To each of you from each of us, “Thank you for listening!

Jeff Mohr
Jeff lives smack dab in the middle of the cornfields of Iowa and is a long time horror fan. His first remembered encounters with the genre were The Wizard of Oz, Tarzan gorilla chases, and watching the first broadcast of The Twilight Zone episode, “An Occurrence at Owl Creek Bridge.” While he now qualifies as an old fart, he strives to be an “Old Boy.” Paraphrasing Robert Bloch, he has the heart of a small boy. He keeps it in a jar on his desk. Jeff has written for Horrornews.net and SQ Horror Magazine and co-hosted the SQ Bloodlines podcast. He currently writes for Gruesome Magazine and is co-host of the Decades of Horror The Classic Era and 1970s podcasts.

One thought on “[Podcast] The Ship of Monsters (1960) – Episode 23 – Decades of Horror: The Classic Era”

  1. Okay, that full poster with the cyclops dude holding the woman on your website is A MAZ ING. I so want that on my wall.

    As for the movie itself, I’ll admit I had serious reservations when that cowboy started singing (I am NOT a singing cowboy fan), but even he managed to steal my heart as things went along. I think the secret to enjoying this movie is in giving it plenty of room in your mind to just be what it is, even if what it is is schizophrenic and unnameable, because when you let any expectations drop away and just tune yourself in, it turns out to be a real treat.

    I definitely recognized Lorena Velazquez, here, but wasn’t sure where from. When you mentioned she was in Santos vs. the Vampire Women, I knew that must be it–loved that film–but a quick lookup on IMDB told me she was also in Doctor of Doom, and Wrestling Women vs. the Aztec Mummy, two other Mexican favorites (she played the same character, a wrestler, in both).

    Enjoyed hearing that Torr was also in The Robot vs. the Aztec Mummy. I might have to seek that Aztec Mummy trilogy out one of these days. (Though you wouldn’t know it from the titles, Wrestling Women vs. the Aztec Mummy (1964) wasn’t part of that original late-fifties trilogy–different mummy altogether–you know, like Imhotep vs. Kharis.)

    Anyway, I couldn’t quite figure out if Lorena’s character was from Ur, as in some other planet than Venus, or if Ur was supposed to be a country or territory somewhere ON Venus. Sounds like you guys were divided on that too. Her doing the whole vampire thing might make (a little) more sense if she was a different species than the Venusian commander, I suppose. That was a jarring moment for me, going from sci-fi invasion to flying vampire attack with no warning whatsoever of any impending genre-bending. I guess it gave me no more of a whiplash than going from sci-fi to Singing Cowboy did earlier on, though.

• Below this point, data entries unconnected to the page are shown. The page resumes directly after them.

Lemma cmM (a b v : FG) : cm (a ** b) v = conj a (cm b v) ** cm a v.
Proof. by rewrite /cm /conj; gsimpl. Qed.

Lemma cmV (a v : FG) : cm (inv a) v = conj (inv a) (inv (cm a v)).
Proof. by rewrite /cm /conj; gsimpl. Qed.

Lemma cmC (u v : FG) : cm u v = inv (cm v u).
Proof. by rewrite /cm; gsimpl. Qed.

Lemma normal_cm_ind (H : FG -> Prop) (v : FG) : is_subgroup H -> normal H ->
  (forall i, H (cm (gen i) v)) -> forall u, H (cm u v).
Proof.
move=> [H1 HM HV] HN Hgen; apply: gen_ind => //.
- by rewrite /cm; gsimpl.
- by move=> a b Ha Hb; rewrite cmM; apply: HM => //; apply: HN.
- by move=> a Ha; rewrite cmV; apply: HN; apply: HV.
Qed.

Lemma normal_abelian_quotient (H : FG -> Prop) : is_subgroup H -> normal H ->
  (forall i j, H (cm (gen i) (gen j))) -> abelian_quotient H.
Proof.
move=> HG HN Hgen; split=> // u v; apply: normal_cm_ind => // i.
have [_ _ HV] := HG; rewrite cmC; apply: HV.
exact: normal_cm_ind.
Qed.

Section CongruenceModulo.

Variable H : FG -> Prop.
Hypothesis HA : abelian_quotient H.

Definition eqmod (u v : FG) : Prop := H (u ** inv v).

Lemma eqmod_refl (u : FG) : eqmod u u.
Proof. by case: HA => [[H1 _ _] _ _]; rewrite /eqmod mulgV. Qed.

Lemma eqmod_sym (u v : FG) : eqmod u v -> eqmod v u.
Proof. by case: HA => [[_ _ HV] _ _] /HV; rewrite /eqmod; gsimpl. Qed.

Lemma eqmod_trans (u v w : FG) : eqmod u v -> eqmod v w -> eqmod u w.
Proof.
by case: HA => [[_ HM _] _ _] E1 E2; have := HM _ _ E1 E2; rewrite /eqmod; gsimpl.
Qed.

Lemma eqmod_mul (u u' v v' : FG) : eqmod u u' -> eqmod v v' -> eqmod (u ** v) (u' ** v').
Proof.
case: HA => [[_ HM _] HN _] E1 E2; rewrite /eqmod.
have -> : u ** v ** inv (u' ** v') = conj u (v ** inv v') ** (u ** inv u').
  by rewrite /conj; gsimpl.
by apply: HM => //; apply: HN.
Qed.

Lemma eqmod_comm (u v : FG) : eqmod (u ** v) (v ** u).
Proof.
case: HA => [_ _ HK]; rewrite /eqmod.
have -> : u ** v ** inv (v ** u) = cm u v by rewrite /cm; gsimpl.
exact: HK.
Qed.

Lemma eqmod_mem (x y : FG) : eqmod x y -> H y -> H x.
Proof.
case: HA => [[_ HM _] _ _] E Hy.
have -> : x = x ** inv y ** y by gsimpl.
exact: HM.
Qed.

Lemma substw_mulf (f g : nat -> FG) (s : word) :
  eqmod (substw (fun i => f i ** g i) s) (substw f s ** substw g s).
Proof.
elim: s => [|a s IH] /=; first by rewrite mul1g; apply: eqmod_refl.
have Eimg : eqmod (img (fun i => f i ** g i) a) (img f a ** img g a).
  by case: a => i [|]; rewrite /img /= ?invM; [apply: eqmod_comm | apply: eqmod_refl].
set If := img f a; set Ig := img g a; set Sf := substw f s; set Sg := substw g s.
apply: (eqmod_trans (v := (If ** Ig) ** (Sf ** Sg))); first exact: eqmod_mul.
have -> : If ** Ig ** (Sf ** Sg) = If ** ((Ig ** Sf) ** Sg) by rewrite !mulA.
have -> : If ** Sf ** (Ig ** Sg) = If ** ((Sf ** Ig) ** Sg) by rewrite !mulA.
by apply: eqmod_mul; [apply: eqmod_refl | apply: eqmod_mul; [apply: eqmod_comm |
  apply: eqmod_refl]].
Qed.

Lemma subst_mulf (f g : nat -> FG) (w : FG) :
  eqmod (subst (fun i => f i ** g i) w) (subst f w ** subst g w).
Proof. exact: substw_mulf. Qed.

Lemma subst_invf (f : nat -> FG) (w : FG) :
  eqmod (subst (fun i => inv (f i)) w) (inv (subst f w)).
Proof.
have E := subst_mulf (fun i => inv (f i)) f w.
rewrite (subst_ext _ (g := fun _ => one)) ?subst_one in E; last by move=> i; rewrite mulVg.
by move: (eqmod_sym E); rewrite /eqmod; gsimpl.
Qed.

End CongruenceModulo.

Lemma S_normal (H : FG -> Prop) : S_invariant H -> normal H.
Proof. by move=> HS g h Hh; apply: (HS _ (inS_gen (S_gen_v g))). Qed.

(* The renaming x_1 |-> x_i, x_2 |-> x_j carries [x_1, x_2] to [x_i, x_j]. *)
Lemma S_cm_gen (H : FG -> Prop) : S_invariant H -> H comm12 ->
  forall i j, H (cm (gen i) (gen j)).
Proof.
move=> HS Hc i j.
have := HS _ (inS_gen (S_gen_i 2 (fun k => if k == 0 then i else j))) _ Hc.
by rewrite /comm12 !subst_endo !subst_inv !subst_gen.
Qed.

Lemma S_abelian_quotient (H : FG -> Prop) :
  is_subgroup H -> S_invariant H -> H comm12 -> abelian_quotient H.
Proof.
move=> HG HS Hc; apply: normal_abelian_quotient => //.
- exact: S_normal.
- exact: S_cm_gen.
Qed.

Section InvariantSubgroup.

Variables (H : FG -> Prop) (h : FG).
Hypotheses (HS : S_invariant H) (HA : abelian_quotient H) (Hh : H h).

    And I’m with you, Jeff: When your infallible robot companion suggests there’s a serious problem with your ship’s engines, you don’t just ignore him and give each other that “oh, he’s so adorable but so stupid and useless” smile–you take his advice and check the engines! What were those two women thinking?! They totally deserved an emergency landing as payback for ignoring ol’ Torr, in my book.

    And yes, Joseph, there WAS a frame holding that cow skeleton up. But I completely missed the fact it had grown horns.

    As for all the diversity of species and improbability of any of those captured males being able to actually mate with a Venusian, I’m going with the idea that the plan was to take them all back to Venus
    and then use some kind of genetic manipulation to pull out desired attributes and use those to create test tube Venusian babies. (Hey, it makes as much sense as anything else we see here.)

    At any rate, I greatly enjoyed both the film and the podcast. Keep up the great work, folks.